• **What this task involves**
The answer should be an exact repeat of the stretch of material below from the line containing "(* A uniformly" through the line containing "[forall p in M, forall".

• **Supplied records**
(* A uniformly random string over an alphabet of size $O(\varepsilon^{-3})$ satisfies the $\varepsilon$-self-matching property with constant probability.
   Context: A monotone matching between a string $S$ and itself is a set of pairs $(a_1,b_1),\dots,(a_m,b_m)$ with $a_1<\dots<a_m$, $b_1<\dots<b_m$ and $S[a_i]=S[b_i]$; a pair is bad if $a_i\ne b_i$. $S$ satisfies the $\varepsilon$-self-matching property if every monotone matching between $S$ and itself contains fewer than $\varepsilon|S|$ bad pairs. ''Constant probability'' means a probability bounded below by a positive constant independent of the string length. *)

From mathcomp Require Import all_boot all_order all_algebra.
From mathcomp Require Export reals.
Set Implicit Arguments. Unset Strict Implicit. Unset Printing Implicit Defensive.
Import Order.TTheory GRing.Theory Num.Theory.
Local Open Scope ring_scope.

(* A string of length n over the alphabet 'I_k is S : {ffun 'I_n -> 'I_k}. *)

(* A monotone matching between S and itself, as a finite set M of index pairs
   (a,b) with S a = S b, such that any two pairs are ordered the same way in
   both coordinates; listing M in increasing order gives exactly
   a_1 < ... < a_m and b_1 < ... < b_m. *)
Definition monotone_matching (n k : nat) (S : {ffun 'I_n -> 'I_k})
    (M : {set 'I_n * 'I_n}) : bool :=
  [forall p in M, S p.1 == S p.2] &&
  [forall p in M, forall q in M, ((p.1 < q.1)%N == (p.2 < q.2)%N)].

--

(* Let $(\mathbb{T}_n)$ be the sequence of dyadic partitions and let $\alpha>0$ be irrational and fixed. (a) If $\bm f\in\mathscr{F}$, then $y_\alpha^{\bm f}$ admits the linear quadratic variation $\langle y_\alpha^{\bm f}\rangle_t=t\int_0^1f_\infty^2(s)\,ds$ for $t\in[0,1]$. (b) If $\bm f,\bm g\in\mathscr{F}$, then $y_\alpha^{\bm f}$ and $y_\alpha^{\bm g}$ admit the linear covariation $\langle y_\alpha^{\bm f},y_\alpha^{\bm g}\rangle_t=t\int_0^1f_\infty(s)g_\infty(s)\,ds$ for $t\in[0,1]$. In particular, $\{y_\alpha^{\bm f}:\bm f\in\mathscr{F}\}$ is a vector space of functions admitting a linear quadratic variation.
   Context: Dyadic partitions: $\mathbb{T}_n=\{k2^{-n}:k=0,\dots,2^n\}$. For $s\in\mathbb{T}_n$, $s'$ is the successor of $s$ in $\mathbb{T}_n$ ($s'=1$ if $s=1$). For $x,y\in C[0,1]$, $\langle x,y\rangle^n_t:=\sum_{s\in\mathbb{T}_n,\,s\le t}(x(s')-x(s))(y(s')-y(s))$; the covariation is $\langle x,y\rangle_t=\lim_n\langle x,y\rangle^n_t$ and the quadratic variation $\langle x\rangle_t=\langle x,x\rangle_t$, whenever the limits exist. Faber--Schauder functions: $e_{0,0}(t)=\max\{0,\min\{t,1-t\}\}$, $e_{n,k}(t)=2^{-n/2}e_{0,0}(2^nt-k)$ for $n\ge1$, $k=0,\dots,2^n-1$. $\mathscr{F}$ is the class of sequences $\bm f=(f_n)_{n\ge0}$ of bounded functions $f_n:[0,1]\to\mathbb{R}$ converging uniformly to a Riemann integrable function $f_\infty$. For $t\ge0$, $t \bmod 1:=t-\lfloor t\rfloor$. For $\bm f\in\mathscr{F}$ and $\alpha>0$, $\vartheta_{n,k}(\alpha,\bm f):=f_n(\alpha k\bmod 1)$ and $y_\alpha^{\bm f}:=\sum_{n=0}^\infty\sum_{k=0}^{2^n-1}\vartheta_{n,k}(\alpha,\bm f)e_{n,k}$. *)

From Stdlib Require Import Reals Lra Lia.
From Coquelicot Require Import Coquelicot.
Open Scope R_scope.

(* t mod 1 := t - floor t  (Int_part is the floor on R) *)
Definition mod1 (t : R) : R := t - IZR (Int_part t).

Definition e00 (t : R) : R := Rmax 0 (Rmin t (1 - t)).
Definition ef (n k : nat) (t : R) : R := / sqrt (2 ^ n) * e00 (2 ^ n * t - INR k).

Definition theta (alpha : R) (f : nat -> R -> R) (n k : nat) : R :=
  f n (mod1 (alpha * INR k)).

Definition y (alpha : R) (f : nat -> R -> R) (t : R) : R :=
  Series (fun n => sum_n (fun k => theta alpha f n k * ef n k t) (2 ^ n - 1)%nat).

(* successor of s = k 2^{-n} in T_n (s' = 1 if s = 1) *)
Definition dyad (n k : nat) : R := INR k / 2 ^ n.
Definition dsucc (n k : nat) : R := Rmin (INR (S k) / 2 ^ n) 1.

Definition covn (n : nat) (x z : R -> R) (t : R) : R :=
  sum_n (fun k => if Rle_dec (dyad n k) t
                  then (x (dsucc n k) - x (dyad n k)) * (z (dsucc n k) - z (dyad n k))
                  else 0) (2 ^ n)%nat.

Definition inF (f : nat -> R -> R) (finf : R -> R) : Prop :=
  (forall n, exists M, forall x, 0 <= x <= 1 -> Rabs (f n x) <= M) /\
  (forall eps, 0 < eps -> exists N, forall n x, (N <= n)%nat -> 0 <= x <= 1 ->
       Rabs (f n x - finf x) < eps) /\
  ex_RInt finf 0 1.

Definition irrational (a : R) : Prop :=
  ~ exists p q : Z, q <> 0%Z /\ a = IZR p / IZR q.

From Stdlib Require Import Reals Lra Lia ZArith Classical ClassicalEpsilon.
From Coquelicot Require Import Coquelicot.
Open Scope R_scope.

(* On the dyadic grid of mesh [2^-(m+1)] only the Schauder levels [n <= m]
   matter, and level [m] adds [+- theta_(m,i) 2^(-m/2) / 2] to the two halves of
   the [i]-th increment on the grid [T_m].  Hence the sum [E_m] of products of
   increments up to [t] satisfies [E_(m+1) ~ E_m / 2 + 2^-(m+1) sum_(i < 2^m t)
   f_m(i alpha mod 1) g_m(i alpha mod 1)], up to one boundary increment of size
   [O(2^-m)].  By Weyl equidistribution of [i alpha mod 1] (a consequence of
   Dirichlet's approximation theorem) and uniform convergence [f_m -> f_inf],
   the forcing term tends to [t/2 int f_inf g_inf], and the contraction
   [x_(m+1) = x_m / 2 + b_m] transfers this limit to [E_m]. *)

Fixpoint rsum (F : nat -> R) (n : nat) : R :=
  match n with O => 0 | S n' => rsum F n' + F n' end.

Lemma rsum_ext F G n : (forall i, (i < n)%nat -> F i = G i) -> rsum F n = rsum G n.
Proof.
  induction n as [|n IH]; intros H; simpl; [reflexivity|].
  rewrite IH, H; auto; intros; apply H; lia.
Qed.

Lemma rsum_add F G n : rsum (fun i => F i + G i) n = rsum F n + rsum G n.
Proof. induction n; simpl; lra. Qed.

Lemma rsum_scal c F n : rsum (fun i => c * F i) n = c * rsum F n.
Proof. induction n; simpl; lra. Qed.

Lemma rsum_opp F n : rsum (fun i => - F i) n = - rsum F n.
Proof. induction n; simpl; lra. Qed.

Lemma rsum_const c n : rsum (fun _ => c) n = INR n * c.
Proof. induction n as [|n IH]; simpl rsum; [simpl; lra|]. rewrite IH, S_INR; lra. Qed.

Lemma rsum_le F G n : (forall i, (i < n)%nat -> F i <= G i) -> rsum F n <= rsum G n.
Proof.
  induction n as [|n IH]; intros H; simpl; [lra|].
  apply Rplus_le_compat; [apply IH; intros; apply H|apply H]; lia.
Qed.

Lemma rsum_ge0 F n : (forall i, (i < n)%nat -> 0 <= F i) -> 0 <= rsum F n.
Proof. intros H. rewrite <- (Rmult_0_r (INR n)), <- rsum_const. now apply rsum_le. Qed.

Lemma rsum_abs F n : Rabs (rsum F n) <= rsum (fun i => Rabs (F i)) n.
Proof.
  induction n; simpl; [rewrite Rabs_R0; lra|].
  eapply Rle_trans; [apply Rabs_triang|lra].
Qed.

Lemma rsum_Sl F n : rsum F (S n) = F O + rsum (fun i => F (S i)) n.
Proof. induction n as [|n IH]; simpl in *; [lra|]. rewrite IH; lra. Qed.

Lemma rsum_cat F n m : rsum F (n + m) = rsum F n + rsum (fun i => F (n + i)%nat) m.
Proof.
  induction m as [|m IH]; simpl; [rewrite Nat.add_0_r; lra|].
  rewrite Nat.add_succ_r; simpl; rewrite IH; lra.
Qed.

• **Expected output**
(* A uniformly random string over an alphabet of size $O(\varepsilon^{-3})$ satisfies the $\varepsilon$-self-matching property with constant probability.
   Context: A monotone matching between a string $S$ and itself is a set of pairs $(a_1,b_1),\dots,(a_m,b_m)$ with $a_1<\dots<a_m$, $b_1<\dots<b_m$ and $S[a_i]=S[b_i]$; a pair is bad if $a_i\ne b_i$. $S$ satisfies the $\varepsilon$-self-matching property if every monotone matching between $S$ and itself contains fewer than $\varepsilon|S|$ bad pairs. ''Constant probability'' means a probability bounded below by a positive constant independent of the string length. *)

From mathcomp Require Import all_boot all_order all_algebra.
From mathcomp Require Export reals.
Set Implicit Arguments. Unset Strict Implicit. Unset Printing Implicit Defensive.
Import Order.TTheory GRing.Theory Num.Theory.
Local Open Scope ring_scope.

(* A string of length n over the alphabet 'I_k is S : {ffun 'I_n -> 'I_k}. *)

(* A monotone matching between S and itself, as a finite set M of index pairs
   (a,b) with S a = S b, such that any two pairs are ordered the same way in
   both coordinates; listing M in increasing order gives exactly
   a_1 < ... < a_m and b_1 < ... < b_m. *)
Definition monotone_matching (n k : nat) (S : {ffun 'I_n -> 'I_k})
    (M : {set 'I_n * 'I_n}) : bool :=
  [forall p in M, S p.1 == S p.2] &&
  [forall p in M, forall q in M, ((p.1 < q.1)%N == (p.2 < q.2)%N)].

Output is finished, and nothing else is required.